The game provides an uncommon blend of genres that I haven’t seen used outside of the Stronghold games.
There’s also a multiplayer option available from its title screen though the match set up system is either in a nascent state or is more complicated than it lets on as I wasn’t able to start or find a match. If it’s intended to be a competitive mode – perhaps with one or more teams playing as the Corruptrons – I could see this being a very meaningful addition.
Each presently available mode has only one map, further limiting the current package. Presumably this is the one aspect that will definitely be expanded over time. A world editor mode is also on the way, hopefully allowing players to create their own scenarios.

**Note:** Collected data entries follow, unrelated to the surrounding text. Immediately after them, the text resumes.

(* For $n=5$ leaves, any two quartet-matched pairs of binary trees $T_1,T_2$ and $T_3,T_4$ satisfy $\{T_1,T_2\}=\{T_3,T_4\}$. For $n=6$ leaves, every quartet-matched pair with $\{T_1,T_2\}\neq\{T_3,T_4\}$ is equivalent, up to the action of the symmetric group $\mathfrak{S}_6$ on leaf labels, to the pairs $T_1=\{12|3456,\,123|456,\,1234|56\}$, $T_2=\{13|2456,\,123|456,\,1235|46\}$, $T_3=\{13|2456,\,123|456,\,1234|56\}$, $T_4=\{12|3456,\,123|456,\,1235|46\}$.
   Context: Trees are unrooted binary trees with leaves labelled bijectively by $[n]$, described by their sets of nontrivial splits. For $Q\subseteq[n]$, $T|_Q$ denotes the induced subtree on leaf set $Q$. For trees $T_i,T_j$, $\mathcal{Q}(T_i,T_j)$ denotes the multiset of all quartet trees $T_i|_Q$ and $T_j|_Q$ for all four-element $Q\subseteq[n]$. Two pairs of trees $T_1,T_2$ and $T_3,T_4$ are quartet-matched if $\mathcal{Q}(T_1,T_2)=\mathcal{Q}(T_3,T_4)$. *)

From mathcomp Require Import all_boot all_fingroup.
Set Implicit Arguments. Unset Strict Implicit. Unset Printing Implicit Defensive.

(* Leaves are labelled by 'I_n (label k of the paper is the ordinal k-1).
   A split of a leaf set X is the unordered pair {A, B} of its two parts,
   represented as a set of two sets of leaves.  A tree is its set of
   nontrivial splits. *)
Notation split_t n := {set {set 'I_n}}.
Notation tree_t n := {set {set {set 'I_n}}}.

Definition is_nt_split n (X : {set 'I_n}) (s : split_t n) : bool :=
  [exists A : {set 'I_n}, exists B : {set 'I_n},
     [&& s == [set A; B], [disjoint A & B], A :|: B == X,
         1 < #|A| & 1 < #|B| ]].

Definition compatible n (s1 s2 : split_t n) : bool :=
  [exists A in s1, exists B in s2, [disjoint A & B]].

(* unrooted binary tree on leaf set [n], described by its set of nontrivial
   splits: a pairwise compatible set of nontrivial splits of [n] of maximal
   size n - 3 (Buneman's splits-equivalence theorem) *)
Definition is_binary_tree n (T : tree_t n) : bool :=
  [&& [forall s in T, is_nt_split [set: 'I_n] s],
      [forall s1 in T, forall s2 in T, compatible s1 s2]
    & #|T| == n - 3].

Definition restrict n (T : tree_t n) (Q : {set 'I_n}) : tree_t n :=
  [set [set A :&: Q | A : {set 'I_n} in s] | s : split_t n in T
       & is_nt_split Q [set A :&: Q | A : {set 'I_n} in s]].

Definition quartets n : seq {set 'I_n} := enum [set Q : {set 'I_n} | #|Q| == 4].

(* the multiset Q(Ti, Tj), as a sequence up to permutation *)
Definition quartet_multiset n (Ti Tj : tree_t n) : seq (tree_t n) :=
  [seq restrict Ti Q | Q <- quartets n] ++ [seq restrict Tj Q | Q <- quartets n].

Definition quartet_matched n (T1 T2 T3 T4 : tree_t n) : Prop :=
  perm_eq (quartet_multiset T1 T2) (quartet_multiset T3 T4).

Definition upair_eq (U : Type) (a b c d : U) : Prop :=
  (a = c /\ b = d) \/ (a = d /\ b = c).

Definition relabel n (s : {perm 'I_n}) (T : tree_t n) : tree_t n :=
  [set [set s @: A | A : {set 'I_n} in sp] | sp : split_t n in T].

Definition mk_split n (A : {set 'I_n}) : split_t n := [set A; ~: A].

Definition L6 (k : nat) : 'I_6 := inord k.-1.

Definition T1_6 : tree_t 6 :=
  [set mk_split [set L6 1; L6 2]; mk_split [set L6 1; L6 2; L6 3];
       mk_split [set L6 1; L6 2; L6 3; L6 4]].
Definition T2_6 : tree_t 6 :=
  [set mk_split [set L6 1; L6 3]; mk_split [set L6 1; L6 2; L6 3];
       mk_split [set L6 1; L6 2; L6 3; L6 5]].
Definition T3_6 : tree_t 6 :=
  [set mk_split [set L6 1; L6 3]; mk_split [set L6 1; L6 2; L6 3];
       mk_split [set L6 1; L6 2; L6 3; L6 4]].
Definition T4_6 : tree_t 6 :=
  [set mk_split [set L6 1; L6 2]; mk_split [set L6 1; L6 2; L6 3];
       mk_split [set L6 1; L6 2; L6 3; L6 5]].

Definition same_config n (U1 U2 U3 U4 V1 V2 V3 V4 : tree_t n) : Prop :=
  (upair_eq U1 U2 V1 V2 /\ upair_eq U3 U4 V3 V4) \/
  (upair_eq U1 U2 V3 V4 /\ upair_eq U3 U4 V1 V2).

From mathcomp Require Import all_boot all_fingroup.
Set Implicit Arguments. Unset Strict Implicit. Unset Printing Implicit Defensive.

(* Both claims are finite and are decided by computation. A split of [n] is
   encoded by the bit vector of its side avoiding leaf 0, and every binary tree
   is the tree of one of the enumerated code lists [code_trees] (15 for n = 5,
   105 for n = 6). The restriction of such a tree to a quartet Q is a single
   quartet split, determined by the side of Q containing its least leaf, and
   distinct such pairs give distinct quartet trees. Hence Q(T1,T2) = Q(T3,T4)
   iff on every quartet the sides of T3 and T4 are those of T1 and T2 in some
   order; so T1, T2, T3 determine the quartet profile of T4, which makes an
   exhaustive search over triples feasible. For n = 6 the solutions other than
   {T1,T2} = {T3,T4} are matched against the 720 relabelings of the reference
   configuration. *)

Lemma existsb_in_set2 (T : finType) (a b : T) (P : pred T) :
  [exists x in [set a; b], P x] = P a || P b.
Proof.
apply/existsP/orP => [[x /andP[/set2P[->|->] Px]]|[Pa|Pb]]; [by left|by right| |].
- by exists a; rewrite set21 Pa.
- by exists b; rewrite set22 Pb.
Qed.

Lemma mk_splitC n (A : {set 'I_n}) : mk_split (~: A) = mk_split A.
Proof. by rewrite /mk_split setCK setUC. Qed.

Fixpoint bitseqs m : seq bitseq :=
  if m is m'.+1 then map (cons false) (bitseqs m') ++ map (cons true) (bitseqs m')
  else [:: [::]].

Lemma mem_map_cons (b b' : bool) c (X : seq bitseq) :
  (b :: c \in map (cons b') X) = (b == b') && (c \in X).
Proof.
apply/mapP/andP => [[y yX [-> ->]]|[/eqP-> cX]]; first by split.
by exists c.
Qed.

Lemma mem_bitseqs m c : (c \in bitseqs m) = (size c == m).
Proof.
elim: m c => [|m IH] [|b c] //=.
- by rewrite mem_cat; apply/norP; split; apply/mapP; case.
- by rewrite mem_cat !mem_map_cons IH eqSS; case: b; rewrite ?orbF.
Qed.

Lemma bitseqs_uniq m : uniq (bitseqs m).
Proof.
elim: m => //= m IH.
have cons_inj (b : bool) : injective (cons b) by move=> ? ? [].
rewrite cat_uniq !map_inj_uniq // IH andbT /=.
by apply/hasPn => _ /mapP[c _ ->]; rewrite mem_map_cons.
Qed.

Fixpoint combinations (T : Type) m (s : seq T) : seq (seq T) :=
  match m, s with
  | 0, _ => [:: [::]]
  | _.+1, [::] => [::]
  | m'.+1, x :: s' => map (cons x) (combinations m' s') ++ combinations m s'
  end.

Lemma mem_combinations (T : eqType) m (s t : seq T) :
  subseq t s -> size t = m -> t \in combinations m s.
Proof.
elim: s m t => [|x s IH] m [|y t] //=; try by move=> _ <-.
move=> sub_yt <-; rewrite mem_cat.
case: eqP sub_yt => [<- sub_ts|_ sub_yts]; first by rewrite map_f ?(IH _ _ sub_ts).
by rewrite (IH _ _ sub_yts) ?orbT.
Qed.

Section Codes.
Variable n : nat.

Definition set_of_code (c : bitseq) : {set 'I_n} := [set i : 'I_n | nth false c i].
Definition code_of_set (A : {set 'I_n}) : bitseq := [seq i \in A | i <- enum 'I_n].
Definition code_card (c : bitseq) := count (nth false c) (iota 0 n).
Definition code_meet (c d : bitseq) := mkseq (fun i => nth false c i && nth false d i) n.
Definition code_compl (c : bitseq) := mkseq (fun i => ~~ nth false c i) n.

Castle Story clearly has the potential for greatness but the current build – despite having sturdy foundations in place – is simply starved for content. Given its hefty £15 Steam or £12.49 Humble Store prices tags I can’t recommend it at the moment. I’d advise waiting at least until more elements and modes are properly implemented or when it winds up vastly reduced in another Steam sale.
Verdict: Wait and See
Version played:
v. 0.1.2.a1b8, released February 2014
Stability/Bugs:
Very stable. Some frame rate drop during the higher, larger enemy waves. Catapults and stepladders tend to bug out of existence when built but these are minor objects.